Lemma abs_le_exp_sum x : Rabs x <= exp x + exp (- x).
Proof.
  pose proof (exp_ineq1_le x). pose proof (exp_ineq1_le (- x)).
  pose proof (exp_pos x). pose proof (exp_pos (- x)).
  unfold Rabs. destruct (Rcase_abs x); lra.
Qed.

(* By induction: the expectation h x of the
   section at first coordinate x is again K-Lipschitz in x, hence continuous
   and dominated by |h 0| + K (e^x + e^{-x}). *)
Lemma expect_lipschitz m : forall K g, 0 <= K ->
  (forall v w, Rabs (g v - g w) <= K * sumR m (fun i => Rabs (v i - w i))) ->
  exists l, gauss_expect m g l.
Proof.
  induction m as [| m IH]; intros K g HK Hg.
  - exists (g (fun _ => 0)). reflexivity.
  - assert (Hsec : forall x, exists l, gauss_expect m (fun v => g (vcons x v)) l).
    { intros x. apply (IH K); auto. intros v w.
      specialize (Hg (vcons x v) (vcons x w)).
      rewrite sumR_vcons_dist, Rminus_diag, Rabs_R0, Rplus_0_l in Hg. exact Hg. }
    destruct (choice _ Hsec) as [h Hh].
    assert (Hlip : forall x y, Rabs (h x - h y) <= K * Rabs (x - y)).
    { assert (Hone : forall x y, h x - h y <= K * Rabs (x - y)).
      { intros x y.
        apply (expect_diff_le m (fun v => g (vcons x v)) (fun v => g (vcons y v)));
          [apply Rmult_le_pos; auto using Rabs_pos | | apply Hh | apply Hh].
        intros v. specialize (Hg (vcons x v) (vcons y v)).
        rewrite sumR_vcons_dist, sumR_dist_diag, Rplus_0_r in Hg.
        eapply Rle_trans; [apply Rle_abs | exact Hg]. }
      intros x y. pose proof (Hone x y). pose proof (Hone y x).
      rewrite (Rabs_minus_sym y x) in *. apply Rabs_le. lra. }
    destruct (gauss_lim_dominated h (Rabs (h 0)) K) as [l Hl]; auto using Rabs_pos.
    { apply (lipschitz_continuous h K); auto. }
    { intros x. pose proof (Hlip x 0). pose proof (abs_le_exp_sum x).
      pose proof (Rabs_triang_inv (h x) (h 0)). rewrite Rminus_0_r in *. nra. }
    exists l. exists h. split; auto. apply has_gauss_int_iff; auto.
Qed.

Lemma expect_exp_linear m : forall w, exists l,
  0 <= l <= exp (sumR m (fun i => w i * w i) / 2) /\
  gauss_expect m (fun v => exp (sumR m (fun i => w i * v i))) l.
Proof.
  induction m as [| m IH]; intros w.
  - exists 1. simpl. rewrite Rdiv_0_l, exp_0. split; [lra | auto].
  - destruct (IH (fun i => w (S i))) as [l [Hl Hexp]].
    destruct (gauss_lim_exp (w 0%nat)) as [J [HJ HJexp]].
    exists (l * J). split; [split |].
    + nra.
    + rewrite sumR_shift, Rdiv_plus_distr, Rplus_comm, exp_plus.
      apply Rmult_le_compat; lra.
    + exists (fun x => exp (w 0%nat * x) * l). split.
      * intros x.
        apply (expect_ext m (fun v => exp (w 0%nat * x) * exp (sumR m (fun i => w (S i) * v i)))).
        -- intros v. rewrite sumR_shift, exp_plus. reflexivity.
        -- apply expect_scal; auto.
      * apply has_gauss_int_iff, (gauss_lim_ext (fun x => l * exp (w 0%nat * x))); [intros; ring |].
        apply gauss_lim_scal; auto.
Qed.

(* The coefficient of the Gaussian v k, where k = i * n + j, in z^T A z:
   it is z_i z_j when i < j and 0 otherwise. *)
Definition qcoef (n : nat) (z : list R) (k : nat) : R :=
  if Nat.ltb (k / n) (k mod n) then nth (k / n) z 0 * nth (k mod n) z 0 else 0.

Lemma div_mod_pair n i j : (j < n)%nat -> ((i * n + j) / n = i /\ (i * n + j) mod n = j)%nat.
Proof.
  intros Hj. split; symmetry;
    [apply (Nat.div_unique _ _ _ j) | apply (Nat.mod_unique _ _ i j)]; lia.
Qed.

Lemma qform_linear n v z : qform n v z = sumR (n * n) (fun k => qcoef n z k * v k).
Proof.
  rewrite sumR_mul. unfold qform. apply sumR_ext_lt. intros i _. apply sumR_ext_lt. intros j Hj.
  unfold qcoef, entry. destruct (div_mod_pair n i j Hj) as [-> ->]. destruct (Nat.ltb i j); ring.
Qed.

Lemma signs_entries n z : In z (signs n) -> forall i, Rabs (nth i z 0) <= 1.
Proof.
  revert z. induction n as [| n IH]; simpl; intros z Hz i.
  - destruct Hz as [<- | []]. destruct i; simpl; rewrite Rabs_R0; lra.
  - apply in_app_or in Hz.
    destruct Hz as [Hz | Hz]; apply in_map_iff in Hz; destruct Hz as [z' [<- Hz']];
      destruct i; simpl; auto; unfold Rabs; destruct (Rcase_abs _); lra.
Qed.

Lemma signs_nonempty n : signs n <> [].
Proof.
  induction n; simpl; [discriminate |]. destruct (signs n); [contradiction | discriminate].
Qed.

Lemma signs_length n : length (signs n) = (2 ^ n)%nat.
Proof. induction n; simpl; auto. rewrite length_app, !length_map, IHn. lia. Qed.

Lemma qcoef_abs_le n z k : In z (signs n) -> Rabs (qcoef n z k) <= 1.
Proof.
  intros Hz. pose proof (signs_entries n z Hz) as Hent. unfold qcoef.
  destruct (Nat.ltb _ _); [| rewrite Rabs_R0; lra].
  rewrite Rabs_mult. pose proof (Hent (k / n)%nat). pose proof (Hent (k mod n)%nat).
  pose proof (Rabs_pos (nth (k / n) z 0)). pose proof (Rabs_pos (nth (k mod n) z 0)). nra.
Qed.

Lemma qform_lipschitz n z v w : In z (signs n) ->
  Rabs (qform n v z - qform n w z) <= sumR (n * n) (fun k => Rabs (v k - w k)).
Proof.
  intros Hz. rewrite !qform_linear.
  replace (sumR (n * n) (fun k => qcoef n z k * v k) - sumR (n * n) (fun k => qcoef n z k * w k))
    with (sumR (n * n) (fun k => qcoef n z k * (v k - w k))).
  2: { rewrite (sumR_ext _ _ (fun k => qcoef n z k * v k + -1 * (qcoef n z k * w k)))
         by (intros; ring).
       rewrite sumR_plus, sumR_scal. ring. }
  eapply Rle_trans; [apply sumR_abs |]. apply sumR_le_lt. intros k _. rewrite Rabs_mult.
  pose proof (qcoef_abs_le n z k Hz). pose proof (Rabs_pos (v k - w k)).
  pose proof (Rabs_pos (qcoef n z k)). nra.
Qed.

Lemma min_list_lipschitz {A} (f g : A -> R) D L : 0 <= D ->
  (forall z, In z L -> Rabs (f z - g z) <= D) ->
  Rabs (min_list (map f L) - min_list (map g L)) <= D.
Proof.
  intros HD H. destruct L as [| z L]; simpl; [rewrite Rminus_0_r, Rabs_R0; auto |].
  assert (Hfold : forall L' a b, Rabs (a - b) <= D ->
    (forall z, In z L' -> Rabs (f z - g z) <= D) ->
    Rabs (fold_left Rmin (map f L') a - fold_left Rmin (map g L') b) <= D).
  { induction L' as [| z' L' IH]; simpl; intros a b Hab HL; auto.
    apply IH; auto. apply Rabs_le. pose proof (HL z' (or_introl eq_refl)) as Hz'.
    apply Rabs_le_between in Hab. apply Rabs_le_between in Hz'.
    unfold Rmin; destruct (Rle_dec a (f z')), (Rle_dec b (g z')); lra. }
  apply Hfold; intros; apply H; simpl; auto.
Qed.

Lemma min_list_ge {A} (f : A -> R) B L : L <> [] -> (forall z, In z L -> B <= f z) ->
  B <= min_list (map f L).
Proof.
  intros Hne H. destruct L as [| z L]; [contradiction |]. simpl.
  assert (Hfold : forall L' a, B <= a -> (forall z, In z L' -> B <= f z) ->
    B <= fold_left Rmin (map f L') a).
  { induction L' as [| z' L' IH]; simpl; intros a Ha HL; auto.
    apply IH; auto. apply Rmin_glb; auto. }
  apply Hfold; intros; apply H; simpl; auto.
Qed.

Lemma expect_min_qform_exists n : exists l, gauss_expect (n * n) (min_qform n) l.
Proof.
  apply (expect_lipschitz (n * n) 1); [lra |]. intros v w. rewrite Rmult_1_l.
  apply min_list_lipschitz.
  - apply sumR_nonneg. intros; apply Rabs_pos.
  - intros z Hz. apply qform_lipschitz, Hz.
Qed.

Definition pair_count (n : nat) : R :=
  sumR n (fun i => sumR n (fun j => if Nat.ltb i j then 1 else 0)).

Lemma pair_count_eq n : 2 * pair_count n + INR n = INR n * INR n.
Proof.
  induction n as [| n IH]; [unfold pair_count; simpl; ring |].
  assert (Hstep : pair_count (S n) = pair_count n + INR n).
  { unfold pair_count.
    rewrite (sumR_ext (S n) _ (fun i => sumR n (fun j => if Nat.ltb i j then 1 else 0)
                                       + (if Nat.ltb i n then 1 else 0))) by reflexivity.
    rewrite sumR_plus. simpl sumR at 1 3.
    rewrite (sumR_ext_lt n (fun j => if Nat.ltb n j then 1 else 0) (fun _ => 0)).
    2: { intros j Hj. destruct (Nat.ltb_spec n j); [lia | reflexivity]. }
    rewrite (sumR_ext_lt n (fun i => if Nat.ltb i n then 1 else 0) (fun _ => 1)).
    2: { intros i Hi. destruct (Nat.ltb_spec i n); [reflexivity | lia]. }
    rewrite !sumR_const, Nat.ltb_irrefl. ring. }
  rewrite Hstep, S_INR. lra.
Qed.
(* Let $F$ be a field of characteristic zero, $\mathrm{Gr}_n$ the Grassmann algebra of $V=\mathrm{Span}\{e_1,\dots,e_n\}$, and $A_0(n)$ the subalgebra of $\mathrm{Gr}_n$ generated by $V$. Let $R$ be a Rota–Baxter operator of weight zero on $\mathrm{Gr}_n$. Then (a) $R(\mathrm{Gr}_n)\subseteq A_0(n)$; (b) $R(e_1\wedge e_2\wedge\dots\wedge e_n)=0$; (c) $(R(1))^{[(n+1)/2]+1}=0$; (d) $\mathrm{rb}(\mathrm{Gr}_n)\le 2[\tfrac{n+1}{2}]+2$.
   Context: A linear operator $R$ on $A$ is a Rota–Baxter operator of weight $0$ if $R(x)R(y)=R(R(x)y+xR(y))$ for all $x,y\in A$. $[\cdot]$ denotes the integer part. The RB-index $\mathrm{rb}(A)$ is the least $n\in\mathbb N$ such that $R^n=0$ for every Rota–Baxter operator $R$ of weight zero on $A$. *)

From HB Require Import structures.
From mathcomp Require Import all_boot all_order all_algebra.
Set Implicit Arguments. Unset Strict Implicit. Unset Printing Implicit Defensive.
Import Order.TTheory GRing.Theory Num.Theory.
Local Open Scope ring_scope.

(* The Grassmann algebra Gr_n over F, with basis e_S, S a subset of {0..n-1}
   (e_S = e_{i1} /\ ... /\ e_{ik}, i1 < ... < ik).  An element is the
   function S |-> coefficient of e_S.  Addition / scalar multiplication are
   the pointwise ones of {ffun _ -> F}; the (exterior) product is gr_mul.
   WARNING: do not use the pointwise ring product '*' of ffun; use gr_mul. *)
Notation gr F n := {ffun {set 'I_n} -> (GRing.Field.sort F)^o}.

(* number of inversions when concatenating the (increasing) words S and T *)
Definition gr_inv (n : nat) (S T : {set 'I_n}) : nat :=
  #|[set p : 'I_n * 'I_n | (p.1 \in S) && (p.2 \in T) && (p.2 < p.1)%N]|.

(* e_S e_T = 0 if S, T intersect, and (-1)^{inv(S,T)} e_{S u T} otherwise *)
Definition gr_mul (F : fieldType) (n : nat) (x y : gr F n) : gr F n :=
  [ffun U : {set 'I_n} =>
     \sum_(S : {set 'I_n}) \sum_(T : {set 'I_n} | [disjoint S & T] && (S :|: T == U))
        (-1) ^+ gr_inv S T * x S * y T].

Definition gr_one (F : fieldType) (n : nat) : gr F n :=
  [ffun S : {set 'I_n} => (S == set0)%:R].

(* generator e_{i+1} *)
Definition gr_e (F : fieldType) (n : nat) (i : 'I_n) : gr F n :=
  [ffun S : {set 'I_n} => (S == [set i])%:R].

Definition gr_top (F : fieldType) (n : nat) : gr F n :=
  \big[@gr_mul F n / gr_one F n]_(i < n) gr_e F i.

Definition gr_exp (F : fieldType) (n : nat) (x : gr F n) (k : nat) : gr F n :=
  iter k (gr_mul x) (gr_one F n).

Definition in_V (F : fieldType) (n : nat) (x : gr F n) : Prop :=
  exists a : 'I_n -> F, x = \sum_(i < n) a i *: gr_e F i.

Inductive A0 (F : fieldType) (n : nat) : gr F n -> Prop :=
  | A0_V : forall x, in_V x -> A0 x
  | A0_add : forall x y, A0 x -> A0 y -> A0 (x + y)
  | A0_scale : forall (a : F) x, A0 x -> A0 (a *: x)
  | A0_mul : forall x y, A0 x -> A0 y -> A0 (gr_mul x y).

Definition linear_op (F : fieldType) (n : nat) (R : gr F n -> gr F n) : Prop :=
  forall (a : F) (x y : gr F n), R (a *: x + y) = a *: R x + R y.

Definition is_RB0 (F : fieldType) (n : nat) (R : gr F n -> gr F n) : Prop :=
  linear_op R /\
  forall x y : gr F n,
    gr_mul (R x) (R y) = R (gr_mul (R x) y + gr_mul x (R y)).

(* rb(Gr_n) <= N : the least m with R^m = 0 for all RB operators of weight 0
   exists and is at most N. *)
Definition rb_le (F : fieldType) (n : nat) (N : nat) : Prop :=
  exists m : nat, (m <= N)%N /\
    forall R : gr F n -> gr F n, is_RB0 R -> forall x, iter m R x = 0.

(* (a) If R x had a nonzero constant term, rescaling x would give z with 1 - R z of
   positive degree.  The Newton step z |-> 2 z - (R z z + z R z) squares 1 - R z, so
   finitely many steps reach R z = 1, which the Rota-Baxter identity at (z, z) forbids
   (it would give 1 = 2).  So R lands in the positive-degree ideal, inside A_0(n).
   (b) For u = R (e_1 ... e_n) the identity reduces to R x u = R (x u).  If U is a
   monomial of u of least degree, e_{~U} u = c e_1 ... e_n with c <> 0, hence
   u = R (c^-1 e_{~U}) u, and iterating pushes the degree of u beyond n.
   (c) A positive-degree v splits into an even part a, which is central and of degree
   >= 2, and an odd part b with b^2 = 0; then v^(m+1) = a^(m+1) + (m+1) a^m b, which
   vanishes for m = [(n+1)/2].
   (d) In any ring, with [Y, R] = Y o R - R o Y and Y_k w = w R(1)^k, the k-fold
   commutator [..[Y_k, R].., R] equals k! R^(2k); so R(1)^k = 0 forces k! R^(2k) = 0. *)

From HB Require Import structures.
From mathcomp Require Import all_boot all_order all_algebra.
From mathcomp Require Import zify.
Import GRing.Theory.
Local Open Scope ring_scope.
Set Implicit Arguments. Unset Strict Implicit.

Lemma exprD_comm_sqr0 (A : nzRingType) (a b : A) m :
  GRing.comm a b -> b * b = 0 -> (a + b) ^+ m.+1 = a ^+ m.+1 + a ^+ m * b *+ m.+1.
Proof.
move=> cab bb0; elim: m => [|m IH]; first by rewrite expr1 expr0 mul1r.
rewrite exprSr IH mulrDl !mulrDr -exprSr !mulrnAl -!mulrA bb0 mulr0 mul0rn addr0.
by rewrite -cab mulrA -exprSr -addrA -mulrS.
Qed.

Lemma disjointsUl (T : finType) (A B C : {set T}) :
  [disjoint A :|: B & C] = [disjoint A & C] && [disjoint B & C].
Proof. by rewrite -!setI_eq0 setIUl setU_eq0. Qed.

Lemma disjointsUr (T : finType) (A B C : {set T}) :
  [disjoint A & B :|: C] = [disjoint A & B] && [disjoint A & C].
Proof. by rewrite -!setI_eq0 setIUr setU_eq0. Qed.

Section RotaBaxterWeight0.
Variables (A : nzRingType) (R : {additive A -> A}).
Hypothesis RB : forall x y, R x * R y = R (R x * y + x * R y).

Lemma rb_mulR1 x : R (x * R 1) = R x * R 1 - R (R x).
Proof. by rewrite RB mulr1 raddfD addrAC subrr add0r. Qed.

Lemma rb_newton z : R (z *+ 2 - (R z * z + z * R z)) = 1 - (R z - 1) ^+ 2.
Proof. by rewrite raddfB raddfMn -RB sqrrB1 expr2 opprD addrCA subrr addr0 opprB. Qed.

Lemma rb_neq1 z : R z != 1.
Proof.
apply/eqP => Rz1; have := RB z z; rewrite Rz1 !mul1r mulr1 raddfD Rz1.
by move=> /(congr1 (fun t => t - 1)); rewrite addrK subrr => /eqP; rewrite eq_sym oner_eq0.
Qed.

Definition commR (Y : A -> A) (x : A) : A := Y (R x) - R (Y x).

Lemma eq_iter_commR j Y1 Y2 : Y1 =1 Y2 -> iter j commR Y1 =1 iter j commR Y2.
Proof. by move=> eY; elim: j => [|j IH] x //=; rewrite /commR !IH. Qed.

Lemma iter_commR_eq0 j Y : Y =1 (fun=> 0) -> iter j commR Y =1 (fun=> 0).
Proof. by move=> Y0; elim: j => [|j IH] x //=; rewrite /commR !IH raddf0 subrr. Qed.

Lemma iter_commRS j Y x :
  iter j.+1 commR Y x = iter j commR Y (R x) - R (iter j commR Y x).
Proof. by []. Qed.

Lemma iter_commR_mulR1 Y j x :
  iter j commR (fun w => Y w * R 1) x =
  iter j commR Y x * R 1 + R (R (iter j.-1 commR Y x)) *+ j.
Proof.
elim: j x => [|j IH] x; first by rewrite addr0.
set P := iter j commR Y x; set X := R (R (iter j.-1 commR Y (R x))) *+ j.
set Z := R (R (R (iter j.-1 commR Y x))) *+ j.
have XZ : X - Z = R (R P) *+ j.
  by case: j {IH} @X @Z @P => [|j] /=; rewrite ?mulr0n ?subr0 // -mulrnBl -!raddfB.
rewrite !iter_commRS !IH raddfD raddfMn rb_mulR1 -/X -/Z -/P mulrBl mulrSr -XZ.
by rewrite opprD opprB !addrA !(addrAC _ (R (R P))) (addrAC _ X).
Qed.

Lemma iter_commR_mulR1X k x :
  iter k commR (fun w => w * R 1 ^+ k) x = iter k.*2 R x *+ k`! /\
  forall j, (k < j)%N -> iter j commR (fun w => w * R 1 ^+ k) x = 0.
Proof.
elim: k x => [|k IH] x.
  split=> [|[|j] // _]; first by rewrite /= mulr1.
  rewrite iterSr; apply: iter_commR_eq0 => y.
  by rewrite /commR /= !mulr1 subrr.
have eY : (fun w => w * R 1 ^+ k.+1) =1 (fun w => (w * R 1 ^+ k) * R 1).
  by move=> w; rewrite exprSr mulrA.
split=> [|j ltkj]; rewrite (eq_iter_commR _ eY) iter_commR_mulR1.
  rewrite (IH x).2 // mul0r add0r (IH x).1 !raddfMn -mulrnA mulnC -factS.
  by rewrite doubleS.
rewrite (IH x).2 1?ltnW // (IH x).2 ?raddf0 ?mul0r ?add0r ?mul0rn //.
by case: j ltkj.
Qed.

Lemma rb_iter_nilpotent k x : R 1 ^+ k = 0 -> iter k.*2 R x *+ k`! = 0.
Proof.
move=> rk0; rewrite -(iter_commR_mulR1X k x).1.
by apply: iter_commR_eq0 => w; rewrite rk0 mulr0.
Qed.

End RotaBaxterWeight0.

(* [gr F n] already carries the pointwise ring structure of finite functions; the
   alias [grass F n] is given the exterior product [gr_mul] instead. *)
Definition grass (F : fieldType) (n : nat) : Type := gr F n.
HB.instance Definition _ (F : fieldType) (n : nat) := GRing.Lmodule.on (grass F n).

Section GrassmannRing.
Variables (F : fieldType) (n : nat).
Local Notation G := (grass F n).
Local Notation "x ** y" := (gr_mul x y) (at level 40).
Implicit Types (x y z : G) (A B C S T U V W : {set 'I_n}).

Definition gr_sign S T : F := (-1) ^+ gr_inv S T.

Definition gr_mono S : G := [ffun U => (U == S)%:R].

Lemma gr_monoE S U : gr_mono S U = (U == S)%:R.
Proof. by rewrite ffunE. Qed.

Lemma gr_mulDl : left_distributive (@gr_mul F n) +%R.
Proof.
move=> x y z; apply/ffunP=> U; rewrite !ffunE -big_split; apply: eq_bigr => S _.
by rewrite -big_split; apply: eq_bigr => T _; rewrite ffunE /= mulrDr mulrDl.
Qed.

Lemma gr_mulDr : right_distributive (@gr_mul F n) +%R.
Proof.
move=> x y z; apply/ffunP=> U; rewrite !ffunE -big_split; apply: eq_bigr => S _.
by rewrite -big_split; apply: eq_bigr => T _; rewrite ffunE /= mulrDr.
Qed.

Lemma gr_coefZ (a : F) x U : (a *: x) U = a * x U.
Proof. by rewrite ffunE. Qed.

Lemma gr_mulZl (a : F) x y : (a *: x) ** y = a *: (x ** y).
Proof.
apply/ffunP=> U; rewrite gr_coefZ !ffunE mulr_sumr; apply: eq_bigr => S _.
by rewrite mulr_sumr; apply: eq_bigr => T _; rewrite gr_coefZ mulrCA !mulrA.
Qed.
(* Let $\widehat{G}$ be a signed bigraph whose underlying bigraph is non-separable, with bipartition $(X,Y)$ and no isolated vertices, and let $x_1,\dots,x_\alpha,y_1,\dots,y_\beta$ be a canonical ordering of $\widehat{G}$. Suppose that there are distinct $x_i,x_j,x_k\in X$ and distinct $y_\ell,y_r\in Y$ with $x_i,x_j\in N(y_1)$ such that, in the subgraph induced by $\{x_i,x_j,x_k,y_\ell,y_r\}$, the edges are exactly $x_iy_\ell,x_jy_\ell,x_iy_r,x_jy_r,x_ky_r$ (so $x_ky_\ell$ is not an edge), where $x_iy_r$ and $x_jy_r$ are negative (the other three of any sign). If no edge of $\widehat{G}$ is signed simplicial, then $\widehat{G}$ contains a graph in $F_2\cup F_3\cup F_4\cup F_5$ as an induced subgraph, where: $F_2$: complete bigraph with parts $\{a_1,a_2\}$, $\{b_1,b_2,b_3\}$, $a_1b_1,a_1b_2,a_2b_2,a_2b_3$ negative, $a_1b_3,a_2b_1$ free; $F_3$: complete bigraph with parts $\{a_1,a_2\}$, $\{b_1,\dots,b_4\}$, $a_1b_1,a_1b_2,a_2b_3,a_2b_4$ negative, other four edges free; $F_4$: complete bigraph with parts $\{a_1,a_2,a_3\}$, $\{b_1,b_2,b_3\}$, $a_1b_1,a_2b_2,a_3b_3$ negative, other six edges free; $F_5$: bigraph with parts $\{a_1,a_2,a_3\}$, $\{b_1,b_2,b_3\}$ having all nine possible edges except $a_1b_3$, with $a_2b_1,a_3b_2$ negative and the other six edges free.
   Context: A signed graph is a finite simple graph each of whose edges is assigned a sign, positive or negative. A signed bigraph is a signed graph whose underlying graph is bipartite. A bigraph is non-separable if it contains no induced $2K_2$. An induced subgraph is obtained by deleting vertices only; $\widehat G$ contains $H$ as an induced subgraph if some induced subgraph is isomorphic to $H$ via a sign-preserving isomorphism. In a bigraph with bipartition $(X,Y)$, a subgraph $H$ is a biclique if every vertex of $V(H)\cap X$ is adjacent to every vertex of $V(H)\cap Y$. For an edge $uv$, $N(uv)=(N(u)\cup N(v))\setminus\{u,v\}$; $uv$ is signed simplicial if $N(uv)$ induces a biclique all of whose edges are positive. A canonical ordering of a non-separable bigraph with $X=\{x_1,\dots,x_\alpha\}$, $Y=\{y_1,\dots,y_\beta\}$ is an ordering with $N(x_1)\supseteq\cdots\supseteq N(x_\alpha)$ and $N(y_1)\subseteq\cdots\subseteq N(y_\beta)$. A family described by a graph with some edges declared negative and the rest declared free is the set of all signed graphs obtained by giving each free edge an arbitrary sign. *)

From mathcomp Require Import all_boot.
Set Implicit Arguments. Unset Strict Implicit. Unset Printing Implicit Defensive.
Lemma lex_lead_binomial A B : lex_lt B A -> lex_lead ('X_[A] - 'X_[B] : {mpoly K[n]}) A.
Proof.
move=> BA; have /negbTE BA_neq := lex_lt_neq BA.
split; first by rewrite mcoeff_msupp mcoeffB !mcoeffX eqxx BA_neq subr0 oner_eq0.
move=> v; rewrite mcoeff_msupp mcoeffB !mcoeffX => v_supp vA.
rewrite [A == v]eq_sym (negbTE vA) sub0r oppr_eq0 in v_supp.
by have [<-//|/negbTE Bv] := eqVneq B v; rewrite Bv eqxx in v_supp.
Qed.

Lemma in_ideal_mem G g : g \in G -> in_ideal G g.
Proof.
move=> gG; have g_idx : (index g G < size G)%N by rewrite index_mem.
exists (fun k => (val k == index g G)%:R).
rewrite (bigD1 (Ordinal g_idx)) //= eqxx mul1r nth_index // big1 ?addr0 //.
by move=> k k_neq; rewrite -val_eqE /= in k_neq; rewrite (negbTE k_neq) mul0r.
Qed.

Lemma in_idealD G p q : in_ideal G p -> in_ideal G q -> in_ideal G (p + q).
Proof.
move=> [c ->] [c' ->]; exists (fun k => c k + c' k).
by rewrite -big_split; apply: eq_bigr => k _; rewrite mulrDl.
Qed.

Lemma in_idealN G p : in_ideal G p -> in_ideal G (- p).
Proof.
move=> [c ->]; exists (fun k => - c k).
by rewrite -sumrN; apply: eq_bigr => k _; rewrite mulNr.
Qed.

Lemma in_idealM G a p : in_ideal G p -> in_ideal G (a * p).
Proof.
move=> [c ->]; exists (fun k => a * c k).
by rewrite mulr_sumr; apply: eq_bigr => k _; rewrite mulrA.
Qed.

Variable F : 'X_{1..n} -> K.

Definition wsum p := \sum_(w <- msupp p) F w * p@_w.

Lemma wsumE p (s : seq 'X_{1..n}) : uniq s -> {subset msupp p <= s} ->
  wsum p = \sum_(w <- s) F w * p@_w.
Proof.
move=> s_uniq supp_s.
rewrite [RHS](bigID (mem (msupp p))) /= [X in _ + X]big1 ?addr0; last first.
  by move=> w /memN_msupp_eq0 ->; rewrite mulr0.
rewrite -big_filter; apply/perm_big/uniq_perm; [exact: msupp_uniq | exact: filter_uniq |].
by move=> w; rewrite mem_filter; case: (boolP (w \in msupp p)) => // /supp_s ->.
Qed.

> **Problem to solve**:
Using the data above, tally each line that contains "least". Write only the total.

> **Reply**:
3